Hi, thanks for the report.

The heuristics that archive/tar used to choose which format has always been problematic. Someone may want PAX (and must never use GNU), someone else wants GNU (and must never use PAX). The inability to specify the exact format was the source of other bugs.

The error you are getting seems seems to show that this is working as intended. The header was read in (as USTAR presumably), modified in some way, and written back out. Only the modification happened in such a way that it went beyond the limitations of USTAR, and so the Writer rightly complains that it can't use USTAR anymore.

As a general rule of thumb, the read-modify-write cycle on a tar.Header is not going to be forwards compatible as a result of different fields that may be added.
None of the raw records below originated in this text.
(* Let $\mathcal T=(T,\lambda)$ be a temporal oriented tree and let $u,v,w,x$ be pairwise distinct vertices of $T$ such that there is at least one temporal path from $u$ to $v$, at least one temporal path from $w$ to $x$, and every temporal path from $u$ to $v$ has a vertex in common with every temporal path from $w$ to $x$. Then there is a temporal path from $u$ to $x$ or a temporal path from $w$ to $v$.
   Context: A temporal digraph is a pair $(D,\lambda)$ with $D=(V,A)$ a finite digraph and $\lambda:A\to 2^{\{1,\dots,t_{\max}\}}$ giving the time-steps at which each arc is active. A temporal oriented tree $\mathcal T=(T,\lambda)$ is one whose underlying digraph $T$ is an orientation of a tree. A temporal path from $v_1$ to $v_k$ is a sequence $(v_1,v_2,t_1),\dots,(v_{k-1},v_k,t_{k-1})$ with pairwise distinct $v_i$, $\overrightarrow{v_iv_{i+1}}\in A$, $t_i\in\lambda(\overrightarrow{v_iv_{i+1}})$ and $t_1<\dots<t_{k-1}$ (strictly increasing). *)

From mathcomp Require Import all_boot.
Set Implicit Arguments. Unset Strict Implicit. Unset Printing Implicit Defensive.

(* A time labelling lam assigns to each arc a set of
   time-steps (as a predicate on nat); only its values on arcs matter. *)

Definition temporal_labelling (V : finType) (tmax : nat) (lam : V -> V -> pred nat) :=
  forall x y t, lam x y t -> (1 <= t <= tmax).

Definition und_adj (V : finType) (A : rel V) : rel V := fun x y => A x y || A y x.

Definition oriented_tree (V : finType) (A : rel V) :=
  [/\ (forall x, ~~ A x x),
      (forall x y, A x y -> ~~ A y x),
      (forall x y, connect (und_adj A) x y) &
      (forall s : seq V, uniq s -> 2 < size s -> ~~ cycle (und_adj A) s)].

(* A temporal path from u to v is encoded as the sequence
   p = [:: (v2,t1); (v3,t2); ...; (vk,t_{k-1})] with v1 = u, standing for
   (v1,v2,t1), ..., (v_{k-1},v_k,t_{k-1}). *)
Definition tpath_verts (V : finType) (u : V) (p : seq (V * nat)) : seq V :=
  u :: map fst p.

Definition temporal_path (V : finType) (A : rel V) (lam : V -> V -> pred nat)
    (u v : V) (p : seq (V * nat)) : bool :=
  [&& uniq (tpath_verts u p),
      last u (map fst p) == v,
      path (fun a b : V * nat => A a.1 b.1 && lam a.1 b.1 b.2) (u, 0) p &
      sorted ltn (map snd p)].

From mathcomp Require Import all_boot.
Set Implicit Arguments.
Unset Strict Implicit.

(* Cut a temporal u-v path and a temporal w-x path at a common vertex c.  If
   some time of the u-c part is at least some time of the c-x part, then every
   time of the w-c part is smaller than every time of the c-v part, since
   times strictly increase along both paths.  So one of the walks u-c-x or
   w-c-v has increasing times, and removing its loops leaves a temporal path. *)

Lemma allrel_ltn_exchange (s1 s2 t1 t2 : seq nat) :
  allrel ltn s1 s2 -> allrel ltn t1 t2 ->
  ~~ allrel ltn s1 t2 -> allrel ltn t1 s2.
Proof.
move=> lt_s lt_t not_lt_st; apply/allrelP => a b t1a s2b.
change (a < b); rewrite ltnNge; apply: contra not_lt_st => le_ba.
apply/allrelP => c d s1c t2d.
exact: ltn_trans (allrelP lt_s c b s1c s2b) (leq_ltn_trans le_ba (allrelP lt_t a d t1a t2d)).
Qed.

Section TemporalWalks.
Variables (V : finType) (A : rel V) (lam : V -> V -> pred nat).

Let tstep (a b : V * nat) := A a.1 b.1 && lam a.1 b.1 b.2.

Definition temporal_walk (u v : V) (p : seq (V * nat)) :=
  [&& last u (map fst p) == v, path tstep (u, 0) p & pairwise ltn (map snd p)].

Lemma tstep_path_fst a p : path tstep a p = path tstep (a.1, 0) p.
Proof. by case: p. Qed.

Lemma temporal_walk_nil u v : temporal_walk u v [::] = (u == v).
Proof. by rewrite /temporal_walk /= andbT. Qed.

Lemma temporal_walk_cons u v b p : temporal_walk u v (b :: p) =
  [&& tstep (u, 0) b, temporal_walk b.1 v p & all (ltn b.2) (map snd p)].
Proof.
rewrite /temporal_walk map_cons last_cons map_cons pairwise_cons /= -tstep_path_fst.
by case: (tstep _ b); case: (_ == v); case: (path _ _ p); case: (all _ _); case: (pairwise _ _).
Qed.

Lemma temporal_pathE u v p :
  temporal_path A lam u v p = uniq (tpath_verts u p) && temporal_walk u v p.
Proof. by rewrite /temporal_path /temporal_walk sorted_pairwise //; exact: ltn_trans. Qed.

Lemma temporal_walk_split u v c p :
  temporal_walk u v p -> c \in tpath_verts u p ->
  exists p1 p2, [/\ p = p1 ++ p2, temporal_walk u c p1, temporal_walk c v p2
                  & allrel ltn (map snd p1) (map snd p2)].
Proof.
elim: p u => [|b p IH] u.
  rewrite inE => uv /eqP->; exists [::], [::].
  by split=> //; rewrite temporal_walk_nil eqxx.
have [-> walk_cp _|c_neq_u] := eqVneq c u.
  by exists [::], (b :: p); split=> //; rewrite temporal_walk_nil.
rewrite temporal_walk_cons inE (negbTE c_neq_u) /= => /and3P[ub walk_bp lt_b] c_in.
have [p1 [p2 [def_p walk1 walk2 lt12]]] := IH _ walk_bp c_in.
exists (b :: p1), p2; move: lt_b; rewrite def_p map_cat all_cat => /andP[lt_b1 lt_b2].
split=> //; first by rewrite temporal_walk_cons ub walk1.
by rewrite /= allrel_consl lt_b2 lt12.
Qed.

Lemma temporal_walk_cat u c v p1 p2 :
  temporal_walk u c p1 -> temporal_walk c v p2 ->
  allrel ltn (map snd p1) (map snd p2) -> temporal_walk u v (p1 ++ p2).
Proof.
move=> /and3P[/eqP last1 path1 lt1] /and3P[/eqP last2 path2 lt2] lt12.
rewrite /temporal_walk map_cat last_cat last1 last2 eqxx cat_path path1 /=.
by rewrite tstep_path_fst -(last_map fst) last1 path2 map_cat pairwise_cat lt12 lt1.
Qed.

Lemma temporal_path_suffix y v q z : temporal_path A lam y v q ->
  z \in tpath_verts y q -> exists2 q', temporal_path A lam z v q' & {subset q' <= q}.
Proof.
elim: q y => [|b q IH] y path_yq; first by rewrite inE => /eqP->; exists [::].
have [->|z_neq_y] := eqVneq z y; first by exists (b :: q).
rewrite inE (negbTE z_neq_y) /= => z_in.
have path_bq : temporal_path A lam b.1 v q.
  move: path_yq; rewrite !temporal_pathE temporal_walk_cons.
  by case/andP=> /= /andP[_ ->] /and3P[_ -> _].
have [q' path_zq' sub] := IH _ path_bq z_in.
by exists q' => // e /sub e_in; rewrite inE e_in orbT.
Qed.

Lemma temporal_walk_to_path u v p : temporal_walk u v p ->
  exists2 p', temporal_path A lam u v p' & {subset p' <= p}.
Proof.
elim: p u => [|b p IH] u; first by exists [::]; rewrite ?temporal_pathE.
rewrite temporal_walk_cons => /and3P[ub walk_bp lt_b].
have [p' path_bp' sub] := IH _ walk_bp.
have [u_in|u_notin] := boolP (u \in tpath_verts b.1 p').
  have [q' path_uq' sub'] := temporal_path_suffix path_bp' u_in.
  by exists q' => // e /sub' /sub e_in; rewrite inE e_in orbT.
exists (b :: p'); last by move=> e; rewrite !inE => /orP[->|/sub ->]; rewrite ?orbT.
move: path_bp'; rewrite !temporal_pathE temporal_walk_cons => /andP[uniq_p' ->].
rewrite -[tpath_verts u _]/(u :: tpath_verts b.1 p') cons_uniq u_notin uniq_p' ub /=.
by apply/allP => t /mapP[e /sub e_in ->]; apply: (allP lt_b); exact: map_f.
Qed.

Lemma temporal_walk_exchange u v w x c p q :
  temporal_walk u v p -> temporal_walk w x q ->
  c \in tpath_verts u p -> c \in tpath_verts w q ->
  (exists r, temporal_walk u x r) \/ (exists r, temporal_walk w v r).
Proof.
move=> walk_p walk_q cp cq.
have [p1 [p2 [_ walk_p1 walk_p2 lt_p]]] := temporal_walk_split walk_p cp.
have [q1 [q2 [_ walk_q1 walk_q2 lt_q]]] := temporal_walk_split walk_q cq.
have [lt_p1q2|not_lt_p1q2] := boolP (allrel ltn (map snd p1) (map snd q2)).
  by left; exists (p1 ++ q2); exact: temporal_walk_cat walk_p1 walk_q2 lt_p1q2.
right; exists (q1 ++ p2); apply: temporal_walk_cat walk_q1 walk_p2 _.
exact: allrel_ltn_exchange lt_p lt_q not_lt_p1q2.
Qed.

End TemporalWalks.

Theorem mainTheorem6 (V : finType) (A : rel V) (tmax : nat)
    (lam : V -> V -> pred nat) (u v w x : V) :
  oriented_tree A ->
  temporal_labelling tmax lam ->
  uniq [:: u; v; w; x] ->
  (exists p, temporal_path A lam u v p) ->
  (exists q, temporal_path A lam w x q) ->
  (forall p q, temporal_path A lam u v p -> temporal_path A lam w x q ->
     exists y, (y \in tpath_verts u p) && (y \in tpath_verts w q)) ->
  (exists p, temporal_path A lam u x p) \/ (exists q, temporal_path A lam w v q).
Proof.
move=> _ _ _ [p path_p] [q path_q] /(_ p q path_p path_q) [c /andP[cp cq]].
move: path_p path_q; rewrite !temporal_pathE => /andP[_ walk_p] /andP[_ walk_q].
case: (temporal_walk_exchange walk_p walk_q cp cq) => [[r walk_r]|[r walk_r]].
- by left; have [p' path_p' _] := temporal_walk_to_path walk_r; exists p'.
- by right; have [q' path_q' _] := temporal_walk_to_path walk_r; exists q'.
Qed.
Starting in Go1.10, we started to document on tar.Header:

For forward compatibility, users that retrieve a Header from Reader.Next, mutate it in some ways, and then pass it back to Writer.WriteHeader should do so by creating a new Header and copying the fields that they are interested in preserving.

However, this observation has held even prior to G1.10 and was documented to encourage more forward compatible uses of tar.

zhsj added a commit to zhsj/docker2aci that referenced this issue Apr 12, 2018
After manipulating the Name and Linkname, the orignal Header format may
be invalid.

Start from Go 1.10, the Header format is stored in the Header struct.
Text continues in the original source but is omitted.